Hai anak-anakku, pergilah kamu, maka carilah berita tentang Yusuf dan saudaranya dan
jangan kamu berputus asa dari rahmat Allah (ruhillah). Sesungguhnya tiada berputus asa dari
rahmat Allah, melainkan kaum yang kafir. – Q.S. Yusuf [12]: 87

Mengapa kita tidak bertemu diri, atau suluk tidak ada perkembangan, adalah karena kita
sendiri lah yang tidak pandai mengelola munajat kita kepada Allah Ta'ala. Jangan salahkan
siapapun, bukan salah mursyidnya, bukan salah agamanya. Itu adalah karena kesalahan kita
yang kurang cerdas dan rapih dalam memanfaatkan dialog dengan Allah Ta'ala di setiap saat.
Itu hal yang gratis, yang bisa dilakukan oleh setiap kita. Karena bukan mursyid yang
berkuasa, bukan pula Nabi, namun Allah lah yang berkuasa atas segala sesuatu.

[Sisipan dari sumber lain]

Lemma affine_mx_continuous m n p (B : 'M[R]_(n, p)) (c : 'M[R]_(m, p)) :
  continuous (fun x : 'M[R]_(m, n) => x *m B + c).
Proof.
move=> x; apply: continuous_mx_entries => i j.
have -> : (fun y : 'M[R]_(m, n) => (y *m B + c) i j) =
    fun y => \sum_k y i k * B k j + c i j.
  by apply/funext => y; rewrite !mxE.
apply: continuousD; last exact: cst_continuous.
apply: continuous_big => [|k _ y]; first exact: add_continuous.
by apply: continuousM; [exact: (@coord_continuous _ _ _ i k) | exact: cst_continuous].
Qed.

Lemma map_mx_continuous m n (psi : R -> R) : continuous psi ->
  continuous (map_mx psi : 'M[R]_(m, n) -> 'M[R]_(m, n)).
Proof.
move=> psic x; apply: continuous_mx_entries => i j.
have -> : (fun y : 'M[R]_(m, n) => map_mx psi y i j) = psi \o (fun y => y i j).
  by apply/funext => y; rewrite mxE.
by apply: continuous_comp; [exact: coord_continuous | exact: psic].
Qed.

Lemma col'_continuous m n (k : 'I_n) :
  continuous (col' k : 'M[R]_(m, n) -> 'M[R]_(m, n.-1)).
Proof.
move=> x; apply: continuous_mx_entries => i j.
have -> : (fun y : 'M[R]_(m, n) => col' k y i j) = fun y => y i (lift k j).
  by apply/funext => y; rewrite mxE.
exact: coord_continuous.
Qed.

End matrix_continuity.

Lemma ray_continuous (R : realType) (V : normedModType R) (z e : V) :
  continuous (fun r : R => z + r *: e).
Proof.
move=> r; apply: cvgD; first exact: cvg_cst.
by apply: cvgZ; [exact: cvg_id | exact: cvg_cst].
Qed.
(* rho = sum of fundamental weights: rho_i = n/2 - i *)
Definition rho (n : nat) : wt n := [ffun i : 'I_n.+1 => (n%:R / 2%:R) - (i : nat)%:R].

(* w(eps_j) = eps_(w j) *)
Definition wact {n : nat} (w : {perm 'I_n.+1}) (x : wt n) : wt n := [ffun i => x ((w^-1)%g i)].
Definition root_act {n : nat} (w : {perm 'I_n.+1}) (a : 'I_n.+1 * 'I_n.+1) :=
  (w a.1, w a.2).

Definition dot {n : nat} (w : {perm 'I_n.+1}) (x : wt n) : wt n := wact w (x + rho n) - rho n.

(* P^vee = sum Z omega_i : traceless, integral pairing with simple coroots *)
Definition in_Pvee {n : nat} (x : wt n) : Prop :=
  traceless x /\ forall i : 'I_n, pairing x (widen_ord (leqnSn n) i) (lift ord0 i) \is a Num.int.

(* bar Pr_{k,Z} with k + n + 1 = p/q *)
Definition PrZ {n : nat} (p : nat) (x : wt n) : Prop :=
  traceless x /\
  (forall i : 'I_n, pairing x (widen_ord (leqnSn n) i) (lift ord0 i) \is a Num.nat) /\
  \sum_(i < n) pairing x (widen_ord (leqnSn n) i) (lift ord0 i) <= (p%:R - n%:R - 1).

Definition Ccond {n : nat} (q : nat) (w : {perm 'I_n.+1}) (eta : wt n) : Prop :=
  forall a, pos_root a ->
    (pos_root (root_act w a) -> 0 <= pairing eta a.1 a.2 <= q%:R - 1) /\
    (neg_root (root_act w a) -> 1 <= pairing eta a.1 a.2 <= q%:R).

Definition Pr {n : nat} (p q : nat) (lam : wt n) : Prop :=
  exists (mu : wt n) (w : {perm 'I_n.+1}) (eta : wt n),
    [/\ PrZ p mu, in_Pvee eta, Ccond q w eta &
        lam = dot w [ffun i => mu i - (p%:R / q%:R) * eta i]].

Definition Delta_int {n : nat} (lam : wt n) (a : 'I_n.+1 * 'I_n.+1) : Prop :=
  is_root a /\ pairing (lam + rho n) a.1 a.2 \is a Num.int.
(* Let $f:\{0,1\}^n\to\{0,1\}^m$ be a Boolean function which is either constant or balanced. For each $i=0,\dots,m-1$ run the algorithm $\mathrm{GPK}(\mathbf{e}_i)$ and let $\delta_i\in\{0,1\}^n$ be its output. If $f$ is constant, then with certainty $\delta_i=\mathbf{0}$ for all $i$; if $f$ is balanced, then with certainty $\delta_i\neq\mathbf{0}$ for at least one $i$. Consequently, deciding ''constant'' if all $\delta_i=\mathbf{0}$ and ''balanced'' otherwise is always correct.
   Context: A function $f:\{0,1\}^n\to\{0,1\}^m$ is constant if $f(\mathbf{x})$ is the same for all $\mathbf{x}$, and balanced if it takes exactly two distinct values, each on exactly half of the inputs. Bits are indexed from the right starting at $0$ and $\mathbf{e}_i=0^{m-1-i}\,1\,0^{i}\in\{0,1\}^m$. For strings $\mathbf{y},\mathbf{z}$ of equal length, $\mathbf{y}\oplus\mathbf{z}$ is bitwise XOR and $\mathbf{y}\cdot\mathbf{z}=\bigoplus_j y_jz_j$. $\mathbf{U}_f$ is the unitary with $\mathbf{U}_f(\ket{\mathbf{x}}_n\otimes\ket{\mathbf{z}}_m)=\ket{\mathbf{x}}_n\otimes\ket{\mathbf{z}\oplus f(\mathbf{x})}_m$; $\mathbf{H}_k=\mathbf{H}^{\otimes k}$ with $\mathbf{H}$ the one-qubit Hadamard gate. The algorithm $\mathrm{GPK}(\mathbf{y})$ for $\mathbf{y}\in\{0,1\}^m$: start in $\ket{\mathbf{0}}_n\otimes\ket{\mathbf{0}}_m$; apply Pauli $\mathbf{X}$ gates to get $\ket{\mathbf{0}}_n\otimes\ket{\mathbf{y}}_m$; apply $\mathbf{H}_{n+m}$; apply $\mathbf{U}_f$; apply $\mathbf{H}_n$ to the first register; measure the first register in the computational basis, giving the output in $\{0,1\}^n$. *)

From HB Require Import structures.
From mathcomp Require Import all_boot all_order all_algebra all_field.
Unset Printing Implicit Defensive.
Import Order.TTheory GRing.Theory Num.Theory.
Local Open Scope ring_scope.

(* Bit strings of length k: bit j (j : 'I_k) is the bit with index j
   (indexing from the right starting at 0). *)
Definition bits (k : nat) := {ffun 'I_k -> bool}.

Definition bzero (k : nat) : bits k := [ffun _ => false].
Definition bxor (k : nat) (y z : bits k) : bits k := [ffun j => xorb (y j) (z j)].
Definition bdot (k : nat) (y z : bits k) : bool := \big[addb/false]_(j < k) (y j && z j).
Definition unitbits (m : nat) (i : 'I_m) : bits m := [ffun j => j == i].

Definition is_constant (n m : nat) (f : bits n -> bits m) : Prop :=
  exists c : bits m, forall x, f x = c.

Definition is_balanced (n m : nat) (f : bits n -> bits m) : Prop :=
  exists a b : bits m, [/\ a != b, (forall x, f x = a \/ f x = b),
    (#|[pred x | f x == a]|).*2 = (2 ^ n)%N & (#|[pred x | f x == b]|).*2 = (2 ^ n)%N].

(* States of the n+m qubit system: amplitude of each basis vector |x>_n (x) |z>_m. *)
Definition state (n m : nat) := bits n * bits m -> algC.

Definition Hent (b c : bool) : algC := (-1) ^+ (b && c) / sqrtC 2.
(* Matrix entry <w|H^{(x)k}|x> of the k-fold tensor power *)
Definition Hk (k : nat) (w x : bits k) : algC := \prod_(j < k) Hent (w j) (x j).

Definition ket0 (n m : nat) : state n m :=
  fun p => if p == (bzero n, bzero m) then 1 else 0.
(* Pauli X on every second-register qubit j with y_j = 1: |x>|z> |-> |x>|z xor y> *)
Definition applyX (n m : nat) (y : bits m) (psi : state n m) : state n m :=
  fun p => psi (p.1, bxor m p.2 y).
Definition applyHall (n m : nat) (psi : state n m) : state n m :=
  fun p => \sum_(x : bits n) \sum_(z : bits m) Hk n p.1 x * Hk m p.2 z * psi (x, z).
(* U_f : |x>|z> |-> |x>|z xor f x>  (amplitude form, U_f being an involution) *)
Definition applyUf (n m : nat) (f : bits n -> bits m) (psi : state n m) : state n m :=
  fun p => psi (p.1, bxor m p.2 (f p.1)).
Definition applyH1 (n m : nat) (psi : state n m) : state n m :=
  fun p => \sum_(x : bits n) Hk n p.1 x * psi (x, p.2).

Definition GPK_final (n m : nat) (f : bits n -> bits m) (y : bits m) : state n m :=
  applyH1 n m (applyUf n m f (applyHall n m (applyX n m y (ket0 n m)))).

(* Probability that measuring the first register in the computational basis yields w *)
Definition GPK_prob (n m : nat) (f : bits n -> bits m) (y : bits m) (w : bits n) : algC :=
  \sum_(z : bits m) `|GPK_final n m f y (w, z)| ^+ 2.

From mathcomp Require Import all_boot all_order all_algebra all_field.
From mathcomp Require Import ring.
Import GRing.Theory Num.Theory.
Local Open Scope ring_scope.

(* With input e_i, the X gate and the Hadamards leave the second register in a
   state on which U_f acts as the phase (-1)^(f(x)_i), so after the final
   Hadamards the amplitude of |0>|z> is 2^(-(2n+m)/2) sum_x (-1)^(z_i xor f(x)_i):
   bit i of f is queried as a Deutsch-Jozsa oracle. For constant f each such
   sum has modulus 2^n and 0 is read with probability 1. For balanced f with
   values a <> b, pick i with a_i <> b_i: the two halves of the inputs then
   contribute opposite signs, so every amplitude vanishes. *)

Lemma sum_balanced {T : finType} {U : eqType} {V : nmodType}
    (F : U -> V) (f : T -> U) (a b : U) :
  a != b -> (forall x, f x = a \/ f x = b) ->
  #|[pred x | f x == a]| = #|[pred x | f x == b]| ->
  \sum_x F (f x) = (F a + F b) *+ #|[pred x | f x == a]|.
Proof.
move=> neq_ab f_ab card_ab.
have fNa x : (f x != a) = (f x == b).
  by case: (f_ab x) => ->; rewrite eqxx ?(negbTE neq_ab) // eq_sym (negbTE neq_ab).
rewrite (bigID [pred x | f x == a]) /=.
have -> : \sum_(x | f x == a) F (f x) = \sum_(x | f x == a) F a.
  by apply: eq_bigr => x /eqP ->.
have -> : \sum_(x | f x != a) F (f x) = \sum_(x | f x == b) F b.
  by apply: eq_big => x; rewrite fNa // => /eqP ->.
by rewrite !sumr_const card_ab -mulrnDl.
Qed.

Lemma signr_xorb_add_eq0 (R : pzRingType) (c a b : bool) :
  a != b -> (-1) ^+ xorb c a + (-1) ^+ xorb c b = 0 :> R.
Proof. by case: a b c => [] [] [] //= _; rewrite ?expr0 ?expr1 ?addrN ?addNr. Qed.

Lemma card_bits k : #|bits k| = (2 ^ k)%N.
Proof. by rewrite card_ffun card_bool card_ord. Qed.

Lemma bxor_eq0 k (y z : bits k) : (bxor k z y == bzero k) = (z == y).
Proof.
apply/eqP/eqP => [/ffunP xor0 | ->]; apply/ffunP => j.
  by have := xor0 j; rewrite !ffunE; case: (z j) (y j) => [] [].
by rewrite !ffunE; case: (y j).
Qed.

Definition invsqrt2 : algC := (sqrtC 2)^-1.

Lemma invsqrt2_ge0 : 0 <= invsqrt2.
Proof. by rewrite invr_ge0 sqrtC_ge0 ler0n. Qed.

Lemma sqr_invsqrt2 : invsqrt2 ^+ 2 = 2^-1.
Proof. by rewrite exprVn sqrtCK. Qed.

Lemma Hent_sign b c : Hent b c = (-1) ^+ (b && c) * invsqrt2.
Proof. by []. Qed.

Lemma Hk_bzero_l k x : Hk k (bzero k) x = invsqrt2 ^+ k.
Proof.
rewrite /Hk; under eq_bigr => j _ do rewrite Hent_sign ffunE /= mul1r.
by rewrite prodr_const card_ord.
Qed.

Lemma Hk_bzero_r k w : Hk k w (bzero k) = invsqrt2 ^+ k.
Proof.
rewrite /Hk; under eq_bigr => j _ do rewrite Hent_sign ffunE andbF mul1r.
by rewrite prodr_const card_ord.
Qed.

Lemma Hk_unitbits m z i : Hk m z (unitbits m i) = (-1) ^+ z i * invsqrt2 ^+ m.
Proof.
rewrite /Hk; under eq_bigr => j _ do rewrite Hent_sign ffunE.
rewrite big_split /= prodr_const card_ord (bigD1 i) //= eqxx andbT big1 ?mulr1 //.
by move=> j /negbTE ->; rewrite andbF.
Qed.

Lemma applyX_ket0 n m y p :
  applyX n m y (ket0 n m) p = (p == (bzero n, y))%:R.
Proof. by case: p => x z; rewrite /applyX /ket0 !xpair_eqE bxor_eq0; case: ifP. Qed.

Lemma applyHall_X_ket0 n m y p :
  applyHall n m (applyX n m y (ket0 n m)) p = Hk n p.1 (bzero n) * Hk m p.2 y.
Proof.
rewrite /applyHall pair_bigA /=.
under eq_bigr => q _ do rewrite applyX_ket0 -surjective_pairing mulr_natr mulrb.
by rewrite -big_mkcond big_pred1_eq.
Qed.

(* Stated with [xorb], as in [bxor]: [addb], behind the notation [(+)], is not
   convertible to it. *)
Lemma GPK_final_bzero n m f i z :
  GPK_final n m f (unitbits m i) (bzero n, z) =
  invsqrt2 ^+ (n.*2 + m) * \sum_x (-1) ^+ xorb (z i) (f x i).
Proof.
rewrite /GPK_final /applyH1 /applyUf mulr_sumr; apply: eq_bigr => x _.
rewrite applyHall_X_ket0 /= Hk_bzero_l Hk_bzero_r Hk_unitbits ffunE.
by rewrite -addnn !exprD; ring.
Qed.

Lemma GPK_prob_bzero n m f i :
  GPK_prob n m f (unitbits m i) (bzero n) =
  2^-1 ^+ (n.*2 + m) *
    \sum_(z : bits m) `|\sum_x (-1) ^+ xorb (z i) (f x i) : algC| ^+ 2.
Proof.
rewrite /GPK_prob mulr_sumr; apply: eq_bigr => z _.
by rewrite GPK_final_bzero normrM normrX ger0_norm ?invsqrt2_ge0 // exprMn
  -exprM mulnC exprM sqr_invsqrt2.
Qed.

Lemma GPK_prob_constant n m f c i : (forall x, f x = c) ->
  GPK_prob n m f (unitbits m i) (bzero n) = 1.
Proof.
move=> f_c; rewrite GPK_prob_bzero.
have norm_sum z : `|\sum_x (-1) ^+ xorb (z i) (f x i) : algC| = 2 ^+ n.
  by under eq_bigr do rewrite f_c; rewrite sumr_const card_bits normrMn normr_sign natrX.
under eq_bigr do rewrite norm_sum.
rewrite sumr_const card_bits -exprM muln2 -[_ ^+ _ *+ _]mulr_natr natrX -exprD exprVn.
by rewrite mulVf // expf_neq0 // pnatr_eq0.
Qed.

Lemma GPK_prob_balanced n m f : is_balanced n m f ->
  exists i, GPK_prob n m f (unitbits m i) (bzero n) = 0.
Proof.
case=> a [b [neq_ab f_ab card_a card_b]].
have /existsP[i neq_abi] : [exists i, a i != b i].
  apply: contraR neq_ab => /existsPn same_ab.
  by apply/eqP/ffunP => j; apply/eqP/negPn/same_ab.
exists i; rewrite GPK_prob_bzero big1 ?mulr0 // => z _.
rewrite (sum_balanced (fun y : bits m => (-1) ^+ xorb (z i) (y i)) _ _ _ neq_ab f_ab).
  by rewrite signr_xorb_add_eq0 // mul0rn normr0 expr0n.
by apply: double_inj; rewrite card_a card_b.
Qed.

Theorem theorem3p4 (n m : nat) (f : bits n -> bits m) :
  (is_constant n m f \/ is_balanced n m f) ->
  (is_constant n m f -> forall i : 'I_m, GPK_prob n m f (unitbits m i) (bzero n) = 1) /\
  (is_balanced n m f -> exists i : 'I_m, GPK_prob n m f (unitbits m i) (bzero n) = 0).
Proof.
move=> _; split; last exact: GPK_prob_balanced.
by case=> c f_c i; apply: GPK_prob_constant f_c.
Qed.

Dan musuh dalam diri sangat banyak: pikiran, perasaan, hawa nafsu, ilmu kita, cahaya kita,
karunia Allah yang lain bisa jadi musuh kita semua. Oleh karena itu, sebagaimana kata Imam
An-Nifari, “Hamba yang dipercaya adalah mereka yang mengembalikan atau menyerahkan
semua hal kepada Allah Ta’ala.”

Allah akan memberi sesuatu, namun kita mesti bermohon. Ya Allah, hamba adalah seorang
yang tidak paham, hamba seorang yang faqir ihwal semua yang Engkau karuniakan
kepadaku. Pada semua hal, ilmu kita, pangkat kita, kecerdasan kita. Ya Allah, ini buat apa?
Bagaimana mengelolanya agar manfaat?

Jadikanlah pada setiap hal yang Allah berikan, kita mohonkan kepada Allah. Dan ubah setiap
hal, menjadi sebuah kendaraan terbaik kita di akhirat nanti. Baik itu pulpen kita, kacamata
kita, buku kita, kertas kita, handphone kita. Semua hal yang Allah beri!
Ya Allah beri hamba kemampuan untuk mengelola semua hal yang Engkau berikan dengan
benar, agar sesuai dengan yang Engkau kehendaki, di dalam keridhaan Engkau.

Siapa yang sungguh-sungguh bertawakal kepada Allah, maka Allah pasti akan menjamin.